(Records excerpted from a collection)
Lemma qle_height_nat x y : qle x y -> exists m : nat, height (y - x) = m%:R.
Proof.
move=> /qleE le_xy; have [f hf] := fin_all_exists le_xy.
by exists (\sum_i f i)%N; rewrite natr_sum; apply: eq_bigr => i _.
Qed.

Lemma dcoord_le_height x i : (forall j, 0 <= dcoord x j) -> dcoord x i <= height x.
Proof. by move=> x_ge0; rewrite /height (bigD1 i) //= lerDl sumr_ge0. Qed.

End Coordinates.

Section PositiveRoots.
Variables (F : realFieldType) (n : nat) (B : 'M[F]_n) (R : seq 'rV[F]_n).
Hypothesis hR : crystallographic B R.
Hypothesis sroot_in : forall i, sroot F i \in R.

Local Notation "( x , y )" := (bform B x y).

Lemma pos_root_neq_opp a b : pos_root R a -> pos_root R b -> a != - b.
Proof.
move=> [aR a_ge0] [bR b_ge0]; apply: contra_neq (root_neq0 hR aR) => eab.
apply/rowP => j; apply/le_anti; rewrite mxE a_ge0 andbT.
by rewrite eab mxE oppr_le0 b_ge0.
Qed.

Lemma pos_root_add_sroot a i : pos_root R a -> a + sroot F i \in R ->
  pos_root R (a + sroot F i).
Proof. by move=> [_ a_ge0] aiR; split=> // j; rewrite dcoordD dcoord_sroot addr_ge0. Qed.

Lemma pos_pairing_of_nonroot_sum a b : pos_root R a -> pos_root R b ->
  a + b \notin R -> 0 <= (a, b).
Proof.
move=> pa pb; apply: contraNT; rewrite -ltNge => ab_lt0.
exact: neg_pairing_sum_root (proj1 pa) (proj1 pb) ab_lt0 (pos_root_neq_opp pa pb).
Qed.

### Task prompt
Restate verbatim the first line above and all lines after it through the line containing "Lemma dcoord_le_height x"; omit the rest.

### Solution
Lemma qle_height_nat x y : qle x y -> exists m : nat, height (y - x) = m%:R.
Proof.
move=> /qleE le_xy; have [f hf] := fin_all_exists le_xy.
by exists (\sum_i f i)%N; rewrite natr_sum; apply: eq_bigr => i _.
Qed.

Lemma dcoord_le_height x i : (forall j, 0 <= dcoord x j) -> dcoord x i <= height x.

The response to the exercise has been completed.